Your task> In the data below, which lines hold "connectP"? Copy every one.

Provided records>
Lemma rooted_tree_first_edge V E r m : is_rooted_tree V E r -> m \in V -> r != m ->
  exists s, ([set r; s] \in E) && connect (adj (E :\ [set r; s])) s m.
Proof.
move=> [rV _ cE _] mV rm; case/connectP: (cE r m rV mV) => p pp lp.
case/shortenP: pp lp => [[|s q] /= pp up _ lp]; first by rewrite lp eqxx in rm.
case/andP: pp => rs pq; exists s; rewrite (rs : [set r; s] \in E) /=.
apply/connectP; exists q => //; apply: path_avoid_edge pq.
by case/andP: up.
Qed.

End Graphs.

Section Forests.
Variables (T : finType) (m : T).
Local Notation forest := (seq ({set T} * {set {set T}} * T)).
Implicit Types (f : forest) (A V X : {set T}) (E : {set {set T}}).

Definition forest_vertices f := \bigcup_(V <- map (fun t => t.1.1) f) V.

Lemma forest_verticesE X f : ordered_forest_on X f -> forest_vertices f = X.
Proof. by case. Qed.

Lemma ordered_forest_consE X V E r f : ordered_forest_on X ((V, E, r) :: f) ->
  [/\ is_rooted_tree V E r, ordered_forest_on (forest_vertices f) f,
      [disjoint V & forest_vertices f] & X = V :|: forest_vertices f].
Proof.
case=> trees disj <-; split.
- exact: trees (mem_head _ _).
- split=> // [t tf | i j ilt jlt ij]; first by apply: trees; rewrite inE tf orbT.
  exact: (disj i.+1 j.+1).
- rewrite -setI_eq0; apply/eqP/setP => x; rewrite !inE; apply/negP => /andP [xV].
  rewrite /forest_vertices bigcup_seq => /bigcupP [W Wf xW].
  have := disj 0 (index W (map (fun t => t.1.1) f)).+1 isT.
  rewrite /= ltnS -(size_map (fun t => t.1.1)) index_mem Wf nth_index //.
  by move=> /(_ isT isT) /disjointFr/(_ xV); rewrite xW.
- by rewrite /= big_cons.
Qed.

Lemma ordered_forest_cons Y V E r f : is_rooted_tree V E r -> ordered_forest_on Y f ->
  [disjoint V & Y] -> ordered_forest_on (V :|: Y) ((V, E, r) :: f).
Proof.
move=> tr forest_f dVY; have := forest_verticesE forest_f.
case: forest_f => trees disj _ vf.
have sub_nth j : j < size f -> nth set0 (map (fun t => t.1.1) f) j \subset Y.
  move=> jlt; rewrite -vf /forest_vertices bigcup_seq; apply: bigcup_sup.
  by apply: mem_nth; rewrite size_map.
split.
- by move=> t; rewrite inE => /orP [/eqP -> //|]; apply: trees.
- move=> [|i] [|j] //= ilt jlt ij; last exact: disj.
  + exact: disjointWr (sub_nth _ jlt) dVY.
  + by rewrite disjoint_sym; apply: disjointWr (sub_nth _ ilt) dVY.
- by rewrite /= big_cons -/(forest_vertices f) vf.
Qed.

Solution>
move=> [rV _ cE _] mV rm; case/connectP: (cE r m rV mV) => p pp lp.
apply/connectP; exists q => //; apply: path_avoid_edge pq.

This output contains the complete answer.